Assistant Secretary Estenoz Highlights President Biden’s Investing in America Agenda Resources for Ecosystem Restoration in Massachusetts and Rhode Island

Last edited 05/22/2024

Date: Wednesday, May 22, 2024

PROVIDENCE, R.I. — Assistant Secretary for Fish and Wildlife and Parks Shannon Estenoz traveled to Massachusetts and Rhode Island this week, where she highlighted how investments from President Biden’s Investing in America agenda and America the Beautiful initiative are helping restore ecosystems for the benefit of both people and wildlife. 

In Bridgewater, Massachusetts, Assistant Secretary Estenoz joined local and state leaders to celebrate the completion of the High Street dam removal project that will restore the river and support aquatic connectivity. Funded with a $1.55 million investment from the Bipartisan Infrastructure Law, the dam removal has eliminated a downstream barrier to migratory fish passage on the Town River and its aging infrastructure that posed a risk to public safety. The removal of the dam reconnected 10 miles of river to benefit alewife, blueback herring, American eel, sea lamprey and American shad and opened access to 354 acres of spawning habitat for several migratory fish species.  

Across the country, millions of barriers are fragmenting rivers, blocking fish migration, and putting communities at higher risk to flooding. Improving fish passage is one of the most effective ways to help conserve vulnerable species while building safer infrastructure for communities and improving climate resilience. The President’s Investing in America agenda makes historic investments in river restoration and aquatic connectivity through a $200 million boost for the U.S. Fish and Wildlife Service’s (Service) National Fish Passage Program and through multiple other partnership-driven conservation grant programs funded by the Bipartisan Infrastructure Law and Inflation Reduction Act, such as the America the Beautiful Challenge. 

In Narragansett, Rhode Island today, Assistant Secretary Estenoz toured a new project funded by a $1 million investment from the America the Beautiful Challenge that will recover natural salt marsh hydrology degraded by legacy impacts and address non-native invasive species inhibiting natural processes that at-risk species like the saltmarsh sparrow rely on.

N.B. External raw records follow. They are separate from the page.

(* The leading term [(m-1)!] of the finite sum beats [40^m (2m + 42) E / m!],
   which bounds the rest. *)
Lemma expansion_neg_large_order (m : nat) (x L : R) :
  (30 <= m)%nat -> x ^ 2 / 4 <= 40 -> 0 <= L <= 5 / 2 ->
  exists A C, bessel_sums_cv m x A C /\ bessel_expansion m x L A C < 0.
Proof.
  intros Hm Hx HL.
  assert (Hz : 0 <= x ^ 2 / 4) by (pose proof (pow2_ge_0 x); lra).
  destruct (bessel_series_tails m x 7 ltac:(lia)) as (A & C & Hcv & HtA & HtC).
  { assert (38 <= INR (S (m + 7)))
      by (replace 38 with (INR 38) by (simpl; ring); apply le_INR; lia).
    replace (INR 8) with 8 by (simpl; ring); nra. }
  exists A, C; split; [exact Hcv|].
  set (E := sum_f_R0 (fun k => 40 ^ k / INR (fact k)) 8).
  assert (HE : 0 <= E <= 3 * 10 ^ 8).
  { split; [apply cond_pos_sum; intros k; apply Rmult_le_pos;
            [apply pow_le; lra | apply Rlt_le, Rinv_0_lt_compat, INR_fact_lt_0]|].
    apply exp40_partial_sum_le. }
  pose proof (INR_fact_lt_0 m) as Hfm.
  assert (HE_sum : forall c, c * (E / INR (fact m)) =
                      sum_f_R0 (fun k => c * (40 ^ k / INR (fact k) / INR (fact m))) 8).
  { intros c; replace (c * (E / INR (fact m))) with (c / INR (fact m) * E) by (unfold Rdiv; ring).
    unfold E; rewrite scal_sum; apply sum_eq; intros k _; unfold Rdiv; ring. }
  assert (HAb : Rabs A <= 2 * (1 * (E / INR (fact m)))).
  { apply Rle_trans with (1 := Rabs_lim_le_of_tail _ _ _ HtA); apply Rmult_le_compat_l; [lra|].
    rewrite HE_sum; apply sum_Rle; intros k _; rewrite Rmult_1_l; apply bessel_term_abs_le, Hx. }
  assert (HCb : Rabs C <= 2 * ((INR m + 16) * (E / INR (fact m)))).
  { apply Rle_trans with (1 := Rabs_lim_le_of_tail _ _ _ HtC); apply Rmult_le_compat_l; [lra|].
    rewrite HE_sum; apply sum_Rle; intros k Hk; apply bessel_log_term_abs_le; assumption. }
  assert (Hbound : 2 * L * A - C <= (2 * INR m + 42) * (E / INR (fact m))).
  { pose proof (Rle_abs A); pose proof (Rle_abs (- C)); rewrite Rabs_Ropp in *.
    assert (2 * L * A <= 5 * Rabs A) by (pose proof (Rabs_pos A); nra).
    lra. }
  assert (Hpow : (x ^ 2 / 4) ^ m * (2 * L * A - C)
                 <= 40 ^ m * ((2 * INR m + 42) * (E / INR (fact m)))).
  { assert (0 <= (2 * INR m + 42) * (E / INR (fact m))).
    { pose proof (pos_INR m); pose proof (Rinv_0_lt_compat _ Hfm).
      apply Rmult_le_pos; [|apply Rmult_le_pos]; lra. }
    apply Rle_trans with ((x ^ 2 / 4) ^ m * ((2 * INR m + 42) * (E / INR (fact m)))).
    - apply Rmult_le_compat_l; [apply pow_le|]; lra.
    - apply Rmult_le_compat_r; [|apply pow_incr]; lra. }
  assert (Hfact : 40 ^ m * ((2 * INR m + 42) * (E / INR (fact m))) < INR (fact (m - 1))).
  { apply (Rmult_lt_reg_r (INR (fact m))); [exact Hfm|].
    replace (40 ^ m * ((2 * INR m + 42) * (E / INR (fact m))) * INR (fact m))
      with (40 ^ m * E * (2 * INR m + 42)) by (field; apply INR_fact_neq_0).
    apply Rle_lt_trans with (2 := pow40_lt_fact_sq m Hm).
    apply Rmult_le_compat_r; [pose proof (pos_INR m); lra|].
    apply Rmult_le_compat_l; [apply pow_le|]; lra. }
  pose proof (bessel_finite_sum_ge_fact m x ltac:(lia)).
  unfold bessel_expansion; lra.
Qed.
Lemma line_autocorr x : (0 < x < N)%N -> autocorr N P x = 1%N.
Proof.
move=> xN; apply/eqP; rewrite eqn_leq line_autocorr_le1 //=.
have sum_nonzero : (\sum_(1 <= y < N) autocorr N P y = q * (q + 1))%N.
  have := sum_autocorr line_periodic; rewrite big_ltn; last by rewrite addn1.
  rewrite autocorr0 count_line.
  by move/eqP; rewrite (_ : (q + 1) * (q + 1) = (q + 1) + q * (q + 1))%N ?eqn_add2l => [/eqP|]; last ring.
have : (\sum_(1 <= y < N) (1 - autocorr N P y) = 0)%N.
  apply/eqP; rewrite -(eqn_add2r (\sum_(1 <= y < N) autocorr N P y)) -big_split /=.
  rewrite (eq_big_nat _ _ (F2 := fun _ => 1%N)) => [|y /andP[y_gt0 yN]]; last first.
    by rewrite subnK // line_autocorr_le1 // y_gt0.
  by rewrite sum_nat_const_nat sum_nonzero muln1 add0n addn1 subn1 /=; apply/eqP; ring.
move/eqP; rewrite big_seq sum_nat_seq_eq0 => /allP /(_ x).
have x_in : x \in index_iota 1 N by rewrite mem_index_iota.
by move=> /(_ x_in); rewrite x_in subn_eq0.
Qed.

Lemma sum_residue_count_line t : (0 < t)%N ->
  (\sum_(0 <= u < t) residue_count N t P u = q + 1)%N.
Proof. by move=> t_gt0; rewrite sum_residue_count // count_line. Qed.

Lemma sum_sqr_residue_count_line t : (t %| N)%N -> (0 < t)%N ->
  (\sum_(0 <= u < t) residue_count N t P u * residue_count N t P u = q + N %/ t)%N.
Proof.
have N_gt0 : (0 < N)%N by rewrite addn1.
move=> tN t_gt0; rewrite (sum_sqr_residue_count line_periodic tN t_gt0).
rewrite -(sum_dvdn_lt tN t_gt0) [in LHS]big_ltn // [in RHS]big_ltn //.
rewrite dvdn0 mul1n autocorr0 count_line.
rewrite -addnA; congr (_ + (_ + _))%N.
by apply: eq_big_nat => x /andP[x_gt0 xN]; rewrite line_autocorr ?x_gt0 // muln1.
Qed.

End SingerLine.

Lemma mul_modn_inj n m i j : coprime n m -> (i < n)%N -> (j < n)%N ->
  (i * m = j * m %[mod n])%N -> i = j.
Proof.
move=> copnm; wlog ji : i j / (j <= i)%N => [wlog_ji|iN jN].
  by case: (leqP j i) => [|/ltnW] ij *; [apply: wlog_ji | symmetry; apply: wlog_ji].
move/eqP; rewrite eqn_mod_dvd ?leq_mul2r ?ji ?orbT // -mulnBl Gauss_dvdl //.
have [ij0|ij_gt0] := posnP (i - j); first by move=> _; lia.
by move/(dvdn_leq ij_gt0); rewrite leqNgt (leq_ltn_trans (leq_subr j i) iN).
Qed.

Section MultiplierInvariance.
Variables (P : nat -> bool) (N t m : nat).
Hypotheses (Pm : forall i, (i < N)%N -> P i = P ((i * m) %% N))
  (copNm : coprime N m) (tN : (t %| N)%N) (t_pr : prime t)
  (m_gen : (t.-1).-primitive_root (m%:R : 'F_t)).
Local Notation c := (residue_count N t P).

Lemma residue_count_mul_le u : (c (u %% t) <= c (u * m %% t))%N.
Proof.
have [N0|N_gt0] := posnP N; first by rewrite /residue_count /count_lt N0 big_geq.
rewrite /residue_count !count_ltE.
pose g (i : 'I_N) : 'I_N := Ordinal (ltn_pmod (i * m) N_gt0).
have g_inj : injective g.
  by move=> i j /(congr1 val) /= /(mul_modn_inj copNm (ltn_ord i) (ltn_ord j)) /val_inj.
rewrite -(card_imset _ g_inj); apply/subset_leq_card/subsetP => y /imsetP[i].
rewrite !inE => /andP[/eqP iu Pi] ->; rewrite /= -Pm // Pi andbT.
by rewrite modn_dvdm // -modnMml iu modnMml.
Qed.
Lemma smooth_upto_locally n f x : smooth_upto n f ->
  locally x (fun y => forall k, (k <= n)%nat -> ex_derive_n f k y).
Proof. intros H. apply filter_forall. intros y k Hk. now apply H. Qed.

Lemma smooth_upto_ex_derive n f : smooth_upto (S n) f -> forall x, ex_derive f x.
Proof. intros H x. apply (H 1%nat). lia. Qed.

Lemma smooth_upto_Derive n f : smooth_upto (S n) f -> smooth_upto n (Derive f).
Proof.
  intros H k x Hk. destruct k as [|k]; [exact I|].
  apply ex_derive_ext with (f := Derive_n f (S k)).
  - intros t. apply Derive_n_S.
  - apply (H (S (S k))). lia.
Qed.

Lemma smooth_upto_of_Derive n f : (forall x, ex_derive f x) ->
  smooth_upto n (Derive f) -> smooth_upto (S n) f.
Proof.
  intros Hf H k x Hk. destruct k as [|k]; [exact I|].
  apply ex_derive_n_S; auto. apply H. lia.
Qed.

Lemma smooth_upto_ext n f g : (forall x, f x = g x) -> smooth_upto n f -> smooth_upto n g.
Proof. intros E H k x Hk. apply (ex_derive_n_ext f); auto. Qed.

Lemma smooth_upto_plus n f g :
  smooth_upto n f -> smooth_upto n g -> smooth_upto n (fun x => f x + g x).
Proof.
  intros Hf Hg k x Hk.
  apply ex_derive_n_plus; apply smooth_upto_locally; apply (smooth_upto_le k n); auto.
Qed.

Lemma smooth_upto_opp n f : smooth_upto n f -> smooth_upto n (fun x => - f x).
Proof. intros H k x Hk. apply ex_derive_n_opp. auto. Qed.

Lemma smooth_upto_mult n : forall f g,
  smooth_upto n f -> smooth_upto n g -> smooth_upto n (fun x => f x * g x).
Proof.
  induction n as [|n IH]; intros f g Hf Hg.
  - intros k x Hk. replace k with 0%nat by lia. exact I.
  - assert (Df : forall x, ex_derive f x) by (eapply smooth_upto_ex_derive; eauto).
    assert (Dg : forall x, ex_derive g x) by (eapply smooth_upto_ex_derive; eauto).
    apply smooth_upto_of_Derive; [intros; now apply ex_derive_mult|].
    apply (smooth_upto_ext n (fun x => Derive f x * g x + f x * Derive g x)).
    { intros x. symmetry. now apply Derive_mult. }
    apply smooth_upto_plus; apply IH; auto using smooth_upto_Derive, smooth_upto_pred.
Qed.

Lemma smooth_upto_inv n : forall u, (forall x, u x <> 0) ->
  smooth_upto n u -> smooth_upto n (fun x => / u x).
Proof.
  induction n as [|n IH]; intros u Hu H.
  - intros k x Hk. replace k with 0%nat by lia. exact I.
  - assert (Du : forall x, ex_derive u x) by (eapply smooth_upto_ex_derive; eauto).
    apply smooth_upto_of_Derive; [intros; now apply ex_derive_inv|].
    apply (smooth_upto_ext n (fun x => - (Derive u x * (/ u x * / u x)))).
    { intros x. rewrite Derive_inv; auto. field. auto. }
    apply smooth_upto_opp, smooth_upto_mult; auto using smooth_upto_Derive.
    apply smooth_upto_mult; apply IH; auto using smooth_upto_pred.
Qed.

Lemma smooth_locally f n x : smooth f ->
  locally x (fun y => forall k, (k <= n)%nat -> ex_derive_n f k y).
Proof. intros H. apply smooth_upto_locally, smooth_upto_all, H. Qed.
Section loglik_ratio.
Variables (R : realType) (p : nat -> R) (n : nat).
Hypothesis n_gt0 : (0 < n)%N.

Definition pearson_chi2 (s : seq nat) (w : n.-tuple nat) : R :=
  \sum_(y <- s) ((cnt w y)%:R - n%:R * p y) ^+ 2 / (n%:R * p y).

Lemma sum_cnt (s : seq nat) (w : n.-tuple nat) : uniq s -> {subset w <= s} ->
  \sum_(y <- s) (cnt w y)%:R = n%:R :> R.
Proof. by move=> s_uniq sub_ws; rewrite -natr_sum sum_count_mem ?size_tuple. Qed.

Lemma pearson_chi2_ge0 (s : seq nat) (w : n.-tuple nat) :
  (forall y, 0 <= p y) -> 0 <= pearson_chi2 s w.
Proof. by move=> p_ge0; apply: sumr_ge0 => y _; rewrite divr_ge0 ?sqr_ge0 ?mulr_ge0. Qed.

Lemma cnt_gt0 (w : n.-tuple nat) y : y \in undup w -> 0 < (cnt w y)%:R :> R.
Proof. by rewrite mem_undup ltr0n /cnt -has_pred1 has_count. Qed.

Lemma loglik_ratio_ge0 (w : n.-tuple nat) :
  (forall y, y \in w -> 0 < p y) -> \sum_(y <- undup w) p y <= 1 ->
  0 <= loglik_ratio p w.
Proof.
move=> p_gt0 p_le1; have n_gt0R : 0 < n%:R :> R by rewrite ltr0n.
apply: (@le_trans _ _ (\sum_(y <- undup w) ((cnt w y)%:R - n%:R * p y))).
  rewrite big_split /= sumrN -mulr_sumr sum_cnt ?undup_uniq // => [|y]; last first.
    by rewrite mem_undup.
  by rewrite subr_ge0 -[X in _ <= X]mulr1 ler_wpM2l ?ler0n.
rewrite /loglik_ratio big_seq [X in _ <= X]big_seq; apply: ler_sum => y yw.
rewrite -mulrA -invfM mul_ln_div_ge ?cnt_gt0 // mulr_gt0 // p_gt0 //.
by rewrite -mem_undup.
Qed.

Lemma loglik_ratio_le_pearson_chi2 (s : seq nat) (w : n.-tuple nat) :
  uniq s -> {subset w <= s} -> (forall y, y \in s -> 0 < p y) ->
  loglik_ratio p w <= pearson_chi2 s w + n%:R * (1 - \sum_(y <- s) p y).
Proof.
move=> s_uniq sub_ws p_gt0; have n_neq0 : n%:R != 0 :> R by rewrite pnatr_eq0 -lt0n.
have chi2E : pearson_chi2 s w = \sum_(y <- s) ((cnt w y)%:R ^+ 2 / (n%:R * p y) - (cnt w y)%:R)
    - \sum_(y <- s) (cnt w y)%:R + n%:R * \sum_(y <- s) p y.
  rewrite /pearson_chi2 -sumrB mulr_sumr -big_split /=; apply: eq_big_seq => y ys.
  by field; rewrite n_neq0 gt_eqF ?p_gt0.
have : loglik_ratio p w <= \sum_(y <- s) ((cnt w y)%:R ^+ 2 / (n%:R * p y) - (cnt w y)%:R).
  rewrite -(sum_undup_seq s_uniq sub_ws) => [|y yw]; last first.
    by rewrite /cnt (count_memPn yw) expr0n /= mul0r subr0.
  rewrite /loglik_ratio big_seq [X in _ <= X]big_seq; apply: ler_sum => y yw.
  rewrite -mulrA -invfM mul_ln_div_le ?cnt_gt0 // mulr_gt0 ?ltr0n // p_gt0 //.
  by apply: sub_ws; rewrite -mem_undup.
by rewrite chi2E sum_cnt //; lra.
Qed.

End loglik_ratio.

Section loglik_ratio_tail.
Variables (R : realType) (p : nat -> R) (n : nat) (s : seq nat).
Hypotheses (p_ge0 : forall y, 0 <= p y)
  (p_sum1 : \esum_(y in [set: nat]) (p y)%:E = 1%E)
  (n_gt0 : (0 < n)%N) (s_uniq : uniq s) (p_gt0 : forall y, y \in s -> 0 < p y).

Lemma iid_prob_le_mean (A : set (n.-tuple nat)) (F : n.-tuple nat -> R) :
  (forall w, 0 <= F w) -> (forall w, A w -> 1 <= F w) ->
  (iid_prob p A <= iid_mean p F)%E.
Proof.
move=> F_ge0 AF; rewrite /iid_prob /iid_mean esum_mkcond; apply: le_esum => w _.
case: ifP => [/set_mem Aw|_]; rewrite lee_fin ?mulr_ge0 ?iid_pmf_ge0 //.
by rewrite -[X in X <= _]mul1r ler_wpM2r ?iid_pmf_ge0 ?AF.
Qed.

Lemma iid_mean_pearson_chi2 :
  iid_mean p (pearson_chi2 p s : n.-tuple nat -> R) = (\sum_(y <- s) (1 - p y))%:E.
Proof.
rewrite (_ : pearson_chi2 p s = fun w => \sum_(y <- s)
    (n%:R * p y)^-1 * ((count (pred1 y) w)%:R - n%:R * p y) ^+ 2); last first.
  by apply/funext => w; apply: eq_bigr => y _; rewrite mulrC.
rewrite (iid_mean_sum p_ge0); last by move=> y w; rewrite mulr_ge0 ?sqr_ge0 ?invr_ge0 ?mulr_ge0.
rewrite -sumEFin big_seq [RHS]big_seq; apply: eq_bigr => y ys.
rewrite (iid_meanZ p_ge0) ?invr_ge0 ?mulr_ge0 //; last by move=> w; exact: sqr_ge0.
rewrite (iid_mean_count_var p_ge0 p_sum1 (esum_pred1_mass p_ge0 y)) -EFinM.
by congr (_%:E); field; rewrite pnatr_eq0 -lt0n n_gt0 gt_eqF ?p_gt0.
Qed.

The project will improve the resilience and landward migration of 738 acres of salt marsh and coastal upland habitat at five salt marsh ecosystems by creating runnels and maintaining ditches, removing structural barriers and managing invasive species. 

America the Beautiful Challenge grants support projects that conserve, restore and connect wildlife habitats and ecosystems while improving community resilience and access to nature, which also advance President Biden’s ambitious environmental justice goals. The Challenge launched in 2022 as a partnership with the Departments of the Interior, Agriculture and Defense, and Native Americans in Philanthropy and is administered by the National Fish and Wildlife Foundation. In its second year, the program awarded 74 grants totaling $141.3 million, leveraging an additional $12.1 million in grantee match for a total conservation investment of $153.4 million. More than 40 percent of projects that received funding were for those being implemented by Indigenous communities.  

Assistant Secretary Estenoz wrapped up her trip in Providence, Rhode Island, where she visited Riverside Park to meet with key partners to highlight the success of the Providence Urban Wildlife Conservation Partnership. Since 2013, the Service has worked with a diverse group of community organizations to connect Providence residents to nature. The Partnership improves vital urban wildlife habitat, offers world-class environmental education opportunities and expands access to outdoor recreation. The Assistant Secretary also visited the Frank D. Spaziano Elementary School where she met with teachers and students who shared their environmental education experience as part of the Partnership's Teacher's Institute Program. Through the Program, the Service and partners provide teachers with opportunities to spend a week in the field and introduce them to field biology, wildlife conservation, and the Services’ work with the goal of bringing lessons back to the classroom. Teachers receive year-round support for outdoor learning and a funded field trip to Ninigret National Wildlife Refuge.